**EXERCISE:** Give the lines again exactly as they appear, beginning at the one with "EExp a => defined a x" and ending at the last line of the records.

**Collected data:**
===============
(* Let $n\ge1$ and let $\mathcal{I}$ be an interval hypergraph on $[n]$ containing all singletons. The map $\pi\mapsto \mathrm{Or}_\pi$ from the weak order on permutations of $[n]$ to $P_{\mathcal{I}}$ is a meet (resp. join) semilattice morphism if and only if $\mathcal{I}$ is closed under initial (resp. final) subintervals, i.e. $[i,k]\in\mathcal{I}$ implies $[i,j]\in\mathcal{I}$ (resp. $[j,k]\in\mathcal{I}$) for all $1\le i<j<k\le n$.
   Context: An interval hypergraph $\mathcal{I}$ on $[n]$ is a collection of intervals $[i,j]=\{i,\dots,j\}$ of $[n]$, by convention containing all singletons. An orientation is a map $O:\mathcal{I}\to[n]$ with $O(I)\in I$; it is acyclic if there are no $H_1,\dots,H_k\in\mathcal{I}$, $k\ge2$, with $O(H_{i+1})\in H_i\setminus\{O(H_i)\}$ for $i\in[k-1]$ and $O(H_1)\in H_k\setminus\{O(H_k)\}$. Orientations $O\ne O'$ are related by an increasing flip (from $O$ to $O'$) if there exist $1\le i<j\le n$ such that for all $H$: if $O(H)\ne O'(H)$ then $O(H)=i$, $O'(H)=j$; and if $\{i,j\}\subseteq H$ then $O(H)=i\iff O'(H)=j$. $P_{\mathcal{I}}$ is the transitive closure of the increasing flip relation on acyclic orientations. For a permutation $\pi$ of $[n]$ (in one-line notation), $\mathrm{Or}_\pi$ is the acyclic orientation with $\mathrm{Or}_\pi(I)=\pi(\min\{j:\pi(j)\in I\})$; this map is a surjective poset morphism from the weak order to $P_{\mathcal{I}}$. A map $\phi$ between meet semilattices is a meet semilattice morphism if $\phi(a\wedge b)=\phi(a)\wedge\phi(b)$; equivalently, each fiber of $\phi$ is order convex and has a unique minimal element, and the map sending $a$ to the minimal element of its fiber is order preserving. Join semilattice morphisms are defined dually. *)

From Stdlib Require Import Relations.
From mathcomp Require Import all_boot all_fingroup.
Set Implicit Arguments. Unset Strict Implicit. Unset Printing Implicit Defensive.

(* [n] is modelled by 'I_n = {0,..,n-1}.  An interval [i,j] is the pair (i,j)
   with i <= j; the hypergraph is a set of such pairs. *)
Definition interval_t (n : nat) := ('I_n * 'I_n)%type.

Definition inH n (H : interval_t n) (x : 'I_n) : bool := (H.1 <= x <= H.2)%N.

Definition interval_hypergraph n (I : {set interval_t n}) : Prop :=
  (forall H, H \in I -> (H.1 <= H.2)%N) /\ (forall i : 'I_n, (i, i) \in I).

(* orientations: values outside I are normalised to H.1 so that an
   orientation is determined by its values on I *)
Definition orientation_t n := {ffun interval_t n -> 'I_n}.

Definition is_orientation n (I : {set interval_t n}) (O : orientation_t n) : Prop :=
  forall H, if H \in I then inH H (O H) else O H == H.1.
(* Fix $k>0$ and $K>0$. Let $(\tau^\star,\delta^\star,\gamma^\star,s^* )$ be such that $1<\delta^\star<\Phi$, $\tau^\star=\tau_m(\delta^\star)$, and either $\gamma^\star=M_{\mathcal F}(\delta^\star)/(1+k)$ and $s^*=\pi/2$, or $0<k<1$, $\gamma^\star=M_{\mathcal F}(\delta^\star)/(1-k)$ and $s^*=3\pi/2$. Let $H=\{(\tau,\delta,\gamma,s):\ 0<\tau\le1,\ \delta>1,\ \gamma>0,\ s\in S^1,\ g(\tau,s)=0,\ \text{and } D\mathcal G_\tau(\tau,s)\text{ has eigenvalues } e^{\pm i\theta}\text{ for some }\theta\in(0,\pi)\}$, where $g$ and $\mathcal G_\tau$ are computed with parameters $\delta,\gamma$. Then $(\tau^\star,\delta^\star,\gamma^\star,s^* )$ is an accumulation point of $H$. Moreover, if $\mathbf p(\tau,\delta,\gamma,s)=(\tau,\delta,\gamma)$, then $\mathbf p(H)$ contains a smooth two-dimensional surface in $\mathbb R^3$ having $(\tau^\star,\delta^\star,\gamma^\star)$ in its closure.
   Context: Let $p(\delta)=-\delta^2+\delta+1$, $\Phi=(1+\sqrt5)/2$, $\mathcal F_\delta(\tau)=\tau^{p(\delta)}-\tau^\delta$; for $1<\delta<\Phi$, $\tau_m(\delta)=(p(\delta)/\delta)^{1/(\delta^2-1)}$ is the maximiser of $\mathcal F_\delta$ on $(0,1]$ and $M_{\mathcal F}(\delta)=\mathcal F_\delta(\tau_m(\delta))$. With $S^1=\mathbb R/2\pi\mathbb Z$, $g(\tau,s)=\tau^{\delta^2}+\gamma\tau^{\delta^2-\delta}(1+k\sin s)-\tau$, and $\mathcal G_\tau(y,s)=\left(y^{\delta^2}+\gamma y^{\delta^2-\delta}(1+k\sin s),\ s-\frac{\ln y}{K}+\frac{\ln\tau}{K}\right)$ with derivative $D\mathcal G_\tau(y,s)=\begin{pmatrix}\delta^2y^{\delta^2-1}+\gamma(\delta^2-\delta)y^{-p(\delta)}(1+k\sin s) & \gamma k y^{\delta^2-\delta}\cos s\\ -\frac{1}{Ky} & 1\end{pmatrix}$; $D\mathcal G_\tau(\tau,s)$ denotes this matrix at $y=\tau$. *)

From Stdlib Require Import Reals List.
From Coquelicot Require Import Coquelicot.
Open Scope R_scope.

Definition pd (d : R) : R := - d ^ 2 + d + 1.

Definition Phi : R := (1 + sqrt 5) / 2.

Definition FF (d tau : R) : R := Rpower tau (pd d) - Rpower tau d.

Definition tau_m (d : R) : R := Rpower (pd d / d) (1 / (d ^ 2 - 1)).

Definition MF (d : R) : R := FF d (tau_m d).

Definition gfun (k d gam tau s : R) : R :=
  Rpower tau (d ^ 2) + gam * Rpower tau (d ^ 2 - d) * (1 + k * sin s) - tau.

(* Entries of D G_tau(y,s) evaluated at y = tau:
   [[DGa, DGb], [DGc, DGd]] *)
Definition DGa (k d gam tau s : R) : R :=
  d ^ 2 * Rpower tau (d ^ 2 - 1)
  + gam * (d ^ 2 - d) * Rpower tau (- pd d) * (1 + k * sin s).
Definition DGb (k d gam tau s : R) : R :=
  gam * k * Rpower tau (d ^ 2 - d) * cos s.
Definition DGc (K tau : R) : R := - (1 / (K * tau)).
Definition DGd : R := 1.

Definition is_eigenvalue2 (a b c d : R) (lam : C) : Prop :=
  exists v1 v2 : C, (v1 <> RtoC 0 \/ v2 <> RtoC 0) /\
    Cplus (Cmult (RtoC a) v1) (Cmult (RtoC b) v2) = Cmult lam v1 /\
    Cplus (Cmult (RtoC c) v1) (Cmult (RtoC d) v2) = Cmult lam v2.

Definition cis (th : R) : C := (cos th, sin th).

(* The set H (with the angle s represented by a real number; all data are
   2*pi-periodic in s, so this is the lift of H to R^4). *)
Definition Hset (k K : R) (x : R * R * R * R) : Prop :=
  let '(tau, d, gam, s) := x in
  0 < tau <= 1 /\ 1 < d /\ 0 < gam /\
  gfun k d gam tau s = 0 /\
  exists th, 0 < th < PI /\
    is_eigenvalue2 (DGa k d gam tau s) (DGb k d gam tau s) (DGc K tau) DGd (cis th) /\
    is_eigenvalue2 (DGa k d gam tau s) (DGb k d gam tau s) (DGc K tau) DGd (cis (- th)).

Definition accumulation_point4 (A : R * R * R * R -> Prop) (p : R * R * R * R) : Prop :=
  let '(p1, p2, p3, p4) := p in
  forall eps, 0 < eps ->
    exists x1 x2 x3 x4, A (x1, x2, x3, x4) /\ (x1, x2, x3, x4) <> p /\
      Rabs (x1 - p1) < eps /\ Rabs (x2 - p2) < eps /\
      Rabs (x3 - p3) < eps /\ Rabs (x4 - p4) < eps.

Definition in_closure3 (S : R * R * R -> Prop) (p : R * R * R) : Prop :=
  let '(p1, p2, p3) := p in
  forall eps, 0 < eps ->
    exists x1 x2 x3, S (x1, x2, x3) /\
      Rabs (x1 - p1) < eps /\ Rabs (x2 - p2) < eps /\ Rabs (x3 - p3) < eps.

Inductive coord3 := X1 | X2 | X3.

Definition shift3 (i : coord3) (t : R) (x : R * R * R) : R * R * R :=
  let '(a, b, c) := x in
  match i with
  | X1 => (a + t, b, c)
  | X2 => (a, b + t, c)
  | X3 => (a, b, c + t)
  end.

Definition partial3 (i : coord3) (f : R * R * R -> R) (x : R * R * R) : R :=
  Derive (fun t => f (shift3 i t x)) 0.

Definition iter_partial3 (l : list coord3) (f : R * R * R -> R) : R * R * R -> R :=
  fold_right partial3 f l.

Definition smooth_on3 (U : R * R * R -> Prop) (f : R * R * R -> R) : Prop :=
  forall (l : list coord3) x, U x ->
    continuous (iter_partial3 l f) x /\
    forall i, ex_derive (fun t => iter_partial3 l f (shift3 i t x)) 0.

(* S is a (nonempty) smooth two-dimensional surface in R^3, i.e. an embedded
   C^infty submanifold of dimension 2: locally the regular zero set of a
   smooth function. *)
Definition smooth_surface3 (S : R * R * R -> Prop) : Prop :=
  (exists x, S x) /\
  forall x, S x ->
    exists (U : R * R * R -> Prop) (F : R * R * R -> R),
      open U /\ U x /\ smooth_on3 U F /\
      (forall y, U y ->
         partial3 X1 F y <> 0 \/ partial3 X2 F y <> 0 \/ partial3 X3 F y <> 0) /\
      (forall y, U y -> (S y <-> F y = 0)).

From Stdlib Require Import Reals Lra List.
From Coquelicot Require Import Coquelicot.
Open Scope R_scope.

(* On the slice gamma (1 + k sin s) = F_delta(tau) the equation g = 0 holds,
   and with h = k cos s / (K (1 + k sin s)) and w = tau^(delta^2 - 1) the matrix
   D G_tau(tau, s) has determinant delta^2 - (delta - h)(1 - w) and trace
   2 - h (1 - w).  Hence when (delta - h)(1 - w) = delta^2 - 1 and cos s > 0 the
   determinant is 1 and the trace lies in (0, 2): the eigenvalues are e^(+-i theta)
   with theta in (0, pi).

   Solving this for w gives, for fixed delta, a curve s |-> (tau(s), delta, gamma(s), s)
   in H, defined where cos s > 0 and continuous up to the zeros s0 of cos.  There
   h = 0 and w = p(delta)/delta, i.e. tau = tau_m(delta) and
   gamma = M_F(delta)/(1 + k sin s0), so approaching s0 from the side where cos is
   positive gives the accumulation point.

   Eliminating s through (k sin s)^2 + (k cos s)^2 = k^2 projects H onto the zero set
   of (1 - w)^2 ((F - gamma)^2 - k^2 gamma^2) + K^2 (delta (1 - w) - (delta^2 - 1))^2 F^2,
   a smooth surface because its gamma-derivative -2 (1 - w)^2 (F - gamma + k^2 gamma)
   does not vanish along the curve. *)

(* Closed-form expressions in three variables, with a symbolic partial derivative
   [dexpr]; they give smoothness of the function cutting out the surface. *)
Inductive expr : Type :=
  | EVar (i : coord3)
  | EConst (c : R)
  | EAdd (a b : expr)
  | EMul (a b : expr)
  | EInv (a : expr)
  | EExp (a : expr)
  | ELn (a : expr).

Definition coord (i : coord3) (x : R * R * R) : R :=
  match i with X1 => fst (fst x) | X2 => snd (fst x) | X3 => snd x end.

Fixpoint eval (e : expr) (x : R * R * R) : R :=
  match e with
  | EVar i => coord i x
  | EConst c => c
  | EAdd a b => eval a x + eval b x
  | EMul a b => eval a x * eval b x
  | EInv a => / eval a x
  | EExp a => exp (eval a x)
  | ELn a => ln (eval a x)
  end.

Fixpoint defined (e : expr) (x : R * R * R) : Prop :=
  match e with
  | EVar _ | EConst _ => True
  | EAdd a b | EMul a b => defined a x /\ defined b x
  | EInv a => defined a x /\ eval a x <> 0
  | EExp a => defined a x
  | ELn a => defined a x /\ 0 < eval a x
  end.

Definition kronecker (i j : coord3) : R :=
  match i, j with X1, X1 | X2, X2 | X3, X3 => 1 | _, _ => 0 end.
===============
**SOLUTION TO THIS TASK:**
  | EExp a => defined a x
  | ELn a => defined a x /\ 0 < eval a x
  end.

Definition kronecker (i j : coord3) : R :=
  match i, j with X1, X1 | X2, X2 | X3, X3 => 1 | _, _ => 0 end.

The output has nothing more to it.